Shockwave Therapy: A Brief History

The exploration of shock wave applications in medicine, from its initial discovery to the present, spans a relatively short period. During World War II, observations of lung injuries in castaways exposed to waterbomb explosions revealed the impact of shock waves on tissues, marking the first recognition of this phenomenon.

In the 1950s, systematic investigations into shock wave applications commenced. Electrohydraulic-generated shock waves demonstrated their ability to crush ceramic plates in water, leading to the first patent for an electrohydraulic shock wave generator in the United States (Frank Rieber, New York, Patent No. 2.559.277). Concurrently, the physical properties of electromagnetically generated shock waves were elucidated.

In 1966, a serendipitous event at Dornier company sparked interest in shock waves' effects on humans. High-velocity projectile experiments revealed that shock waves, generated from plate impact, could travel through the body. This prompted a program financed by the Department of Defense in Germany (1968-1971) to investigate shock wave interactions with biological tissue in animals. Results indicated long-distance effects, with minimal harm to muscles, fat, connective tissue, and intact bone.
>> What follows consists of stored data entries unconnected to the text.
Lemma sum_delta0_ballot n : \sum_(k < n.+1) ((k : nat) == 0%N)%:R * ballot n k = (n == 0%N)%:R.
Proof. by rewrite big_ord_recl big1 ?mul1r ?addr0 ?ballot_n0 // => i _; rewrite mul0r. Qed.

Lemma sum_id_ballot n : 4 * \sum_(k < n.+1) k%:R * ballot n k = (4 ^ n)%:R - (n == 0%N)%:R.
Proof.
elim: n => [|n IH]; first by rewrite big_ord_recl big_ord0 /=; ring.
have idE (k : nat) (x : rat) :
    (k.+1%:R + 2 * k%:R + k.-1%:R) * x = 4 * (k%:R * x) + (k == 0%N)%:R * x.
  by case: k => [|k] /=; rewrite ?mulrS; ring.
rewrite (sum_ballotS (f := fun k => k%:R)) //.
under eq_bigr do rewrite idE.
rewrite big_split -mulr_sumr sum_delta0_ballot mulrDr IH expnS natrM.
by case: (n == 0%N) => /=; ring.
Qed.

Definition length_weight k : rat := 2 * k%:R ^+ 3 + k%:R.

Lemma sum_length_weight_ballot n :
  4 * \sum_(k < n.+1) length_weight k * ballot n k = 3 * n%:R * (4 ^ n)%:R.
Proof.
elim: n => [|n IH]; first by rewrite big_ord_recl big_ord0 /length_weight /=; ring.
have weightE k x : (length_weight k.+1 + 2 * length_weight k + length_weight k.-1) * x =
    4 * (length_weight k * x) + 12 * (k%:R * x) + 3 * ((k == 0%N)%:R * x).
  by case: k => [|k]; rewrite /length_weight /= ?mulrS; ring.
rewrite (sum_ballotS (f := length_weight)); last by rewrite /length_weight; ring.
under eq_bigr do rewrite weightE.
rewrite !big_split -!mulr_sumr sum_delta0_ballot.
set A := \sum_(k < n.+1) _ * _; set B := \sum_(k < n.+1) _ * _.
have -> : 4 * (4 * A + 12 * B + 3 * (n == 0%N)%:R) =
    4 * (4 * A) + 12 * (4 * B) + 12 * (n == 0%N)%:R by ring.
rewrite IH sum_id_ballot expnS natrM mulrS.
by case: (n == 0%N) => /=; ring.
Qed.
(* Let $q$ be a prime power, let $\mathbf{C}\subseteq\mathbf{F}_q^n$ be a projective linear $[n,k]_q$ code with maximum weight $w\le n$, and let $h$ be a positive integer. Then the simplex complementary code of $\mathbf{C}$ of dimension $k+h$ has parameters $[\frac{q^{k+h}-1}{q-1}-n,\ k+h,\ q^{k+h-1}-w]_q$ and maximum weight $q^{k+h-1}$. When $h>\log_q w-k+2$, this simplex complementary code is a minimal code satisfying the Ashikhmin–Barg condition.
   Context: A linear $[n,k]_q$ code is projective if the columns $\mathbf{g}_1,\dots,\mathbf{g}_n$ of a generator matrix are nonzero and pairwise linearly independent. Simplex complementary code: set $K=k+h$ and regard $\mathbf{g}_1,\dots,\mathbf{g}_n$ as vectors of $\mathbf{F}_q^K$ by appending $h$ zero coordinates. Choose a set $P$ of representatives of all $\frac{q^K-1}{q-1}$ one-dimensional subspaces of $\mathbf{F}_q^K$ containing $\mathbf{g}_1,\dots,\mathbf{g}_n$. The simplex complementary code of $\mathbf{C}$ is the linear code generated by the $K\times(\frac{q^K-1}{q-1}-n)$ matrix whose columns are the elements of $P\setminus\{\mathbf{g}_1,\dots,\mathbf{g}_n\}$. A linear code is minimal if for all nonzero codewords $\mathbf{c},\mathbf{c}'$ with $supp(\mathbf{c}')\subseteq supp(\mathbf{c})$ there is $\lambda\in\mathbf{F}_q^*$ with $\mathbf{c}'=\lambda\mathbf{c}$. With $w_{min},w_{max}$ the minimum and maximum weights of nonzero codewords, the Ashikhmin–Barg condition is $w_{min}/w_{max}>(q-1)/q$. The notation $[n,k,d]_q$ means length $n$, dimension $k$, minimum distance $d$. *)

From Stdlib Require Import Rdefinitions Raxioms Rpower.
From HB Require Import structures.
From mathcomp Require Import all_boot all_order all_algebra all_field.
From mathcomp Require Import Rstruct.
Set Implicit Arguments. Unset Strict Implicit. Unset Printing Implicit Defensive.
Import Order.TTheory GRing.Theory Num.Theory.
Local Open Scope ring_scope.

Section Codes.
Variable F : finFieldType.

Definition supp n (c : 'rV[F]_n) : {set 'I_n} := [set j | c 0 j != 0].
Definition wt n (c : 'rV[F]_n) : nat := #|supp c|.

Definition codeword k n (M : 'M[F]_(k, n)) (c : 'rV[F]_n) : Prop :=
  exists x : 'rV[F]_k, c = x *m M.

Definition lin_indep2 K (u v : 'cV[F]_K) : Prop :=
  forall a b : F, a *: u + b *: v = 0 -> a = 0 /\ b = 0.

Definition projective k n (M : 'M[F]_(k, n)) : Prop :=
  (forall j, col j M != 0) /\
  (forall i j, i != j -> lin_indep2 (col i M) (col j M)).

(* the columns of T form a set of representatives of all one-dimensional
   subspaces of F^K (each subspace represented exactly once) *)
Definition rep_system K N (T : 'M[F]_(K, N)) : Prop :=
  projective T /\
  (forall v : 'cV[F]_K, v != 0 -> exists j a, v = a *: col j T).

Definition is_minwt k n (M : 'M[F]_(k, n)) (d : nat) : Prop :=
  (exists c, codeword M c /\ c != 0 /\ wt c = d) /\
  (forall c, codeword M c -> c != 0 -> (d <= wt c)%N).
Definition is_maxwt k n (M : 'M[F]_(k, n)) (d : nat) : Prop :=
  (exists c, codeword M c /\ c != 0 /\ wt c = d) /\
  (forall c, codeword M c -> c != 0 -> (wt c <= d)%N).

Definition minimal_code k n (M : 'M[F]_(k, n)) : Prop :=
  forall c c', codeword M c -> codeword M c' -> c != 0 -> c' != 0 ->
    supp c' \subset supp c -> exists2 l : F, l != 0 & c' = l *: c.

Definition ashikhmin_barg k n (M : 'M[F]_(k, n)) : Prop :=
  forall dmin dmax, is_minwt M dmin -> is_maxwt M dmax ->
    ((#|F|.-1)%:R / (#|F|)%:R < dmin%:R / dmax%:R :> rat).

End Codes.

Definition logR (b x : nat) : R := Rdiv (ln (INR x)) (ln (INR b)).

(* The columns of [row_mx (col_mx G 0) S] represent each point of the projective
   space PG(K-1, q), K = k + h, exactly once.  A nonzero x : 'rV_K vanishes on a
   hyperplane of q^(K-1) vectors, so it is nonzero on q^K - q^(K-1) vectors, i.e.
   on q^(K-1) representatives: the simplex code has constant weight q^(K-1).
   Splitting x = (y, z) gives wt (x S) = q^(K-1) - wt (y G), so the weights of the
   complementary code range over [q^(K-1) - w, q^(K-1)], both ends attained; as
   q^(K-1) > n, no nonzero x annihilates S.  If log_q w < K - 2, i.e. q w < q^(K-1),
   the weight ratio exceeds (q-1)/q, and minimality follows from the
   Ashikhmin-Barg count: if supp c' is contained in supp c, then the weights of
   c' - l c summed over all l in F give (q-1) wt c. *)

From Stdlib Require Import Reals.
From Stdlib Require Import Rdefinitions Raxioms Rpower.
From HB Require Import structures.
From mathcomp Require Import all_boot all_order all_algebra all_field.
From mathcomp Require Import Rstruct.
From mathcomp Require Import zify ring lra.
Set Implicit Arguments. Unset Strict Implicit. Unset Printing Implicit Defensive.
Import Order.TTheory GRing.Theory Num.Theory.
Local Open Scope ring_scope.

Section Weight.
Variable F : finFieldType.

Lemma wtE n (c : 'rV[F]_n) : wt c = \sum_(j < n) (c 0 j != 0 : nat).
Proof. by rewrite /wt /supp -sum1_card big_mkcond; apply: eq_bigr => j _; rewrite inE. Qed.

Lemma wt_row_mx n1 n2 (a : 'rV[F]_n1) (b : 'rV[F]_n2) :
  wt (row_mx a b) = (wt a + wt b)%N.
Proof.
by rewrite !wtE big_split_ord; congr (_ + _)%N; apply: eq_bigr => j _;
  rewrite (row_mxEl, row_mxEr).
Qed.

Lemma wt_le n (c : 'rV[F]_n) : (wt c <= n)%N.
Proof. by rewrite -[n in (_ <= n)%N]card_ord max_card. Qed.

Lemma wt_eq0 n (c : 'rV[F]_n) : (wt c == 0)%N = (c == 0).
Proof.
rewrite /wt cards_eq0; apply/eqP/eqP => [supp0 | ->]; last first.
  by apply/setP => j; rewrite !inE mxE eqxx.
apply/rowP => j; rewrite mxE; apply/eqP; apply: contraFT (in_set0 j) => cj.
by rewrite -supp0 inE.
Qed.

Lemma wt0 n : wt (0 : 'rV[F]_n) = 0%N.
Proof. by apply/eqP; rewrite wt_eq0. Qed.

End Weight.

Section Projective.
Variable F : finFieldType.

Lemma card_rep_system_pred K N (A : 'M[F]_(K, N)) (g : pred 'cV[F]_K) :
  rep_system A -> ~~ g 0 -> (forall a v, a != 0 -> g (a *: v) = g v) ->
  #|[set v | g v]| = (#|[set j | g (col j A)]| * #|F|.-1)%N.
Proof.
move=> [[col_nz col_indep] col_span] g0 gZ.
pose scale_col (p : 'I_N * F) := p.2 *: col p.1 A.
have -> : #|F|.-1 = #|[set a : F | a != 0]|.
  by rewrite -(cardsC1 (0 : F)); apply: eq_card => a; rewrite !inE.
rewrite -cardsX -(card_in_imset (f := scale_col)).
  apply: eq_card => v; rewrite inE; apply/idP/imsetP => [gv | [[j a]]].
    have v_nz : v != 0 by apply: contraNneq g0 => <-.
    have [j [a def_v]] := col_span v v_nz.
    have a_nz : a != 0 by apply: contraNneq v_nz => a0; rewrite def_v a0 scale0r.
    by exists (j, a); rewrite // !inE /= a_nz andbT -(gZ a) // -def_v.
  by rewrite !inE /= => /andP[gj a_nz] ->; rewrite /scale_col gZ.
move=> [j a] [j' b]; rewrite !inE /= => /andP[_ a_nz] /andP[_ b_nz].
rewrite /scale_col /= => eq_ab.
have jj' : j = j'.
  apply: contraNeq a_nz => /col_indep /(_ a (- b)) [|-> //].
  by rewrite scaleNr eq_ab subrr.
subst j'; congr (_, _); apply/eqP; rewrite -subr_eq0.
have : (a - b) *: col j A == 0 by rewrite scalerBl eq_ab subrr.
by rewrite scaler_eq0 (negbTE (col_nz j)) orbF.
Qed.

Lemma card_rep_system K N (A : 'M[F]_(K, N)) :
  rep_system A -> (N * #|F|.-1)%N = (#|F| ^ K).-1.
Proof.
move=> repA.
have nzZ (a : F) (v : 'cV[F]_K) : a != 0 -> (a *: v != 0) = (v != 0).
  by move=> a_nz; rewrite scaler_eq0 negb_or a_nz.
have := card_rep_system_pred (g := predC1 0) repA; rewrite /= eqxx.
move=> /(_ isT nzZ) card_nz.
have -> : N = #|[set j | predC1 0 (col j A)]|.
  by rewrite -[LHS]card_ord; apply: eq_card => j; rewrite inE /= repA.1.1.
rewrite -card_nz -[K in RHS]muln1 -card_mx -(cardsC1 0).
by apply: eq_card => v; rewrite !inE.
Qed.

Definition hyperplane K (x : 'rV[F]_K) : {set 'cV[F]_K} :=
  [set v | (x *m v) 0 0 == 0].

Lemma card_hyperplane K (x : 'rV[F]_K) : x != 0 ->
  (#|hyperplane x| * #|F|)%N = (#|F| ^ K)%N.
Proof.
move=> x_nz; pose f (v : 'cV[F]_K) := (x *m v) 0 0.
have fD u v : f (u + v) = f u + f v by rewrite /f mulmxDr mxE.
have fZ a v : f (a *: v) = a * f v by rewrite /f -scalemxAr mxE.
have [v0 fv0] : exists v0, f v0 = 1.
  have /existsP[i xi] : [exists i, x 0 i != 0].
    apply: contraNT x_nz; rewrite negb_exists => /forallP x0.
    by apply/eqP/rowP => i; rewrite mxE; apply/eqP/negbNE/x0.
  by exists ((x 0 i)^-1 *: delta_mx i 0); rewrite fZ /f -colE mxE mulVf.
have -> : (#|F| ^ K = #|[set: 'cV[F]_K]|)%N by rewrite cardsT card_mx muln1.
rewrite -[#|F|]cardsT -cardsX.
rewrite -(card_in_imset (f := fun p : 'cV[F]_K * F => p.1 + p.2 *: v0)).
  apply: eq_card => u; rewrite inE; apply/imsetP.
  exists (u - f u *: v0, f u); last by rewrite /= subrK.
  by rewrite !inE andbT; apply/eqP; rewrite -[LHS]/(f _) fD -scaleNr fZ fv0 mulr1 subrr.
move=> [u a] [u' b]; rewrite !inE -!/(f _) /=.
move=> /andP[/eqP fu _] /andP[/eqP fu' _] eq_ab.
have ab : a = b by have := congr1 f eq_ab; rewrite !fD !fZ fu fu' fv0 !add0r !mulr1.
by subst b; congr (_, _); apply: addIr eq_ab.
Qed.

Lemma wt_rep_system K N (A : 'M[F]_(K, N)) (x : 'rV[F]_K) :
  rep_system A -> x != 0 -> wt (x *m A) = (#|F| ^ K.-1)%N.
Proof.
move=> repA x_nz; set H := hyperplane x.
have K_gt0 : (0 < K)%N by case: K x x_nz {A repA H} => // x; rewrite (thinmx0 x) eqxx.
have q_gt0 : (0 < #|F|)%N by apply/card_gt0P; exists 0.
have r_gt0 : (0 < #|F|.-1)%N by rewrite -ltnS prednK // card_finNzRing_gt1.
have wt_xA : wt (x *m A) = #|[set j | col j A \notin H]|.
  apply: eq_card => j; rewrite !inE !mxE; congr (~~ (_ == 0)).
  by apply: eq_bigr => i _; rewrite mxE.
have HZ a v : a != 0 -> (a *: v \notin H) = (v \notin H).
  by move=> a_nz; rewrite /H !inE -scalemxAr mxE mulf_eq0 negb_or a_nz.
have := card_rep_system_pred (g := fun v => v \notin H) repA.
rewrite /H !inE mulmx0 mxE eqxx -wt_xA => /(_ isT HZ) card_compl.
have card_H : #|H| = (#|F| ^ K.-1)%N.
  by apply/eqP; rewrite -(eqn_pmul2r q_gt0) card_hyperplane // mulnC -expnS prednK.
have card_split : (#|H| + #|[set v | v \notin H]| = #|F| ^ K)%N.
  rewrite -[K in RHS]muln1 -card_mx -(cardsC H).
  by congr (_ + _)%N; apply: eq_card => v; rewrite !inE.
move: card_split; rewrite card_H card_compl -[in RHS](prednK K_gt0) expnS.
rewrite -[X in _ = (X * _)%N -> _](prednK q_gt0) mulSn => /addnI split_eq.
by apply/eqP; rewrite -(eqn_pmul2r r_gt0) split_eq mulnC.
Qed.

End Projective.

Section WeightRatio.
Variable F : finFieldType.

Lemma is_minwt_uniq k n (M : 'M[F]_(k, n)) d1 d2 :
  is_minwt M d1 -> is_minwt M d2 -> d1 = d2.
Proof.
move=> [[c1 [Mc1 [c1_nz <-]]] min1] [[c2 [Mc2 [c2_nz <-]]] min2].
by apply/eqP; rewrite eqn_leq min1 ?min2.
Qed.

Lemma is_maxwt_uniq k n (M : 'M[F]_(k, n)) d1 d2 :
  is_maxwt M d1 -> is_maxwt M d2 -> d1 = d2.
Proof.
move=> [[c1 [Mc1 [c1_nz <-]]] max1] [[c2 [Mc2 [c2_nz <-]]] max2].
by apply/eqP; rewrite eqn_leq max1 ?max2.
Qed.

Lemma is_maxwt_gt0 k n (M : 'M[F]_(k, n)) d : is_maxwt M d -> (0 < d)%N.
Proof. by move=> [[c [_ [c_nz <-]]] _]; rewrite lt0n wt_eq0. Qed.

Lemma card_sub_scale_neq0 (a b : F) : b != 0 ->
  #|[pred l : F | a - l * b != 0]| = #|F|.-1.
Proof.
move=> b_nz; rewrite -(cardC1 (a / b)); apply: eq_card => l.
rewrite !inE subr_eq0; congr negb.
by apply/eqP/eqP => [-> | ->]; rewrite ?mulfK ?divfK.
Qed.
The collaboration between researchers and physicians during these investigations led to the concept of using extracorporeal shock waves to disintegrate kidney stones. The first in-vitro disintegration of a kidney stone without direct contact occurred in 1971, paving the way for subsequent in-vivo and in-vitro experiments. In 1980, the first patient with a kidney stone was treated using a prototype lithotripter (Dornier Lithotripter HM1), and by 1983, the first commercial lithotripter (HM3, Dornier) was installed in Germany.

Extracorporeal shock wave therapy's application expanded to treat gallstones, with the first clinical treatment in 1985. Over the years, advancements in lithotripters eliminated the need for a bathtub and anesthesia, and more than 3 million patients have been treated since.

Beyond urology, shock waves have found success in orthopedics. Research in 1985 explored shock waves' influence on bones, revealing osteogenetic potential and the stimulation of fracture healing. In 1988, successful shock wave treatment of non-union cases in humans was reported, and subsequent studies showed success rates between 60% and 90%.

By the early 1990s, shock wave therapy extended to soft tissue diseases such as tendinitis calcarea, epicondylitis, and heel spur. Specialized devices like OssaTron and ReflecTron were developed, demonstrating high efficiency and low complications in clinical studies.

In summary, shockwave therapy, initially explored for its effects on wartime injuries, has evolved into a versatile medical intervention with applications in urology, orthopedics, and soft tissue diseases. Clinical studies consistently highlight its effectiveness with minimal complications.